С другой стороны колыхались камыши Икрянинского затона. Топь и ни одной живой души на десяток километров. С вывихнутой рукой топь не одолеешь и реку не переплывешь.
Вдобавок ко всему в животе сосуще заныло. От холодной воды подкатывала проклятая хвороба. Еще немного — и она заставит Степана корчиться как червяка, насаженного на крючок, лишит последних сил. Если приступ разыграется по-настоящему, конец инспектору Одинцову. Гроб ему с покрышкой…
Вспомнилось маячинское кладбище. Унылое и пустое. С голыми холмиками могил на склоне иссушенного солнцем бугра. Ни дерева, ни куста, ни единого цветочка не было у могил. Торчали лишь темные и тяжелые кресты, сработанные электросваркой из железных труб. Пыльный ветер сиротливо и надоедливо бренчал на крестах жестяными, поржавевшими венками, обвитыми истрепанными матерчатыми лентами.

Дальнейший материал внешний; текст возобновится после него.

(* Let $\theta=9/10$, $k=6$ and $d\ge1$. Let $x\in\{0,1\}^{L_d}$ be such that there are at least $4$ children $i$ of the root with $$\mathbb{P}\big[X^{(1)}_i=1\ \big|\ X^{(d)}(L_{d-1}(i))=x(L_{d-1}(i))\big]\ge 0.95.$$ Then $\mathbb{P}[X^{(0)}=1\mid X^{(d)}=x]\ge 19/20$.
   Context: Broadcast (Ising) tree model: complete $k$-ary tree of depth $d$ with root $\rho$; $L_r$ = vertices at depth $r$; for a vertex $i$, $L_s(i)$ = its descendants $s$ levels below it, and $x(A)$ denotes the restriction of $x$ to the index set $A$. $\sigma_\rho$ uniform on $\{0,1\}$; each child $v$ of $u$ independently has $\sigma_v=\sigma_u$ with probability $(1+\theta)/2$ and $1-\sigma_u$ otherwise; $X^{(r)}=(\sigma_v)_{v\in L_r}$. *)

From mathcomp Require Import all_boot all_order all_algebra.
Set Implicit Arguments. Unset Strict Implicit. Unset Printing Implicit Defensive.
Import Order.TTheory GRing.Theory Num.Theory.
Local Open Scope ring_scope.

(* Vertices: the vertex at depth r (0 <= r <= d) with index j (0 <= j < k^r),
   numbered breadth-first: the root is (0,0), and the children of (r,j) are
   (r+1, k*j + c) for c < k; hence the parent of (r+1, j) is (r, j %/ k).
   A configuration stores one bit for each pair (r, j) in 'I_d.+1 * 'I_(k^d);
   entries with j >= k^r do not correspond to vertices and are required to be
   false (see [valid]), so valid configurations are in bijection with
   {0,1}^(vertices). *)
Definition conf (k d : nat) := {ffun 'I_d.+1 * 'I_(k ^ d) -> bool}.

(* value of the configuration at (r, j) (false if out of range) *)
Definition lk (k d : nat) (s : conf k d) (r j : nat) : bool :=
  match (insub r : option 'I_d.+1), (insub j : option 'I_(k ^ d)) with
  | Some r', Some j' => s (r', j')
  | _, _ => false
  end.

Definition valid (k d : nat) (s : conf k d) : bool :=
  [forall p : 'I_d.+1 * 'I_(k ^ d), (k ^ p.1 <= p.2)%N ==> ~~ s p].

(* Probability of the configuration s under the broadcast process:
   root uniform, each edge keeps the parent's bit w.p. (1+theta)/2. *)
Definition weight (R : fieldType) (theta : R) (k d : nat) (s : conf k d) : R :=
  if valid s then
    2^-1 * \prod_(r < d) \prod_(j < k ^ d | (j < k ^ r.+1)%N)
       (if lk s r.+1 j == lk s r (j %/ k) then (1 + theta) / 2 else (1 - theta) / 2)
  else 0.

Стучали, словно в лихорадке, зубы, и стук их не было сил сдержать. Пугающий холодок неотвратимо подкатывал к груди, где загнанно тукало сердце. В глазах наплывала красноватая, в дымчатых разводах, пелена.
Совсем уже ободнилось. Солнце величаво поднималось над степью. Лучи его били Степану в лицо. Повернуться, уйти от них он не мог, принимая напоследок и эту неожиданную казнь. В ушах попискивали невидимые комарики, и с каждой минутой их писк становился нестерпимее. Боль из левой половины живота перебралась на поясницу, растекаясь по телу, как вода из опрокинутого кувшина. Степан кусал губы, елозил о борт окровавленной головой, отчаянно ворочал глазами по сторонам. Потом закричал, моля о помощи. В голосе не было силы. Крики, как в вате, терялись в камышах.
Неуклюжая бударка выползла из-за заворота так неожиданно, что Степан в первое мгновение подумал, не привиделось ли ему. Но это была не галлюцинация.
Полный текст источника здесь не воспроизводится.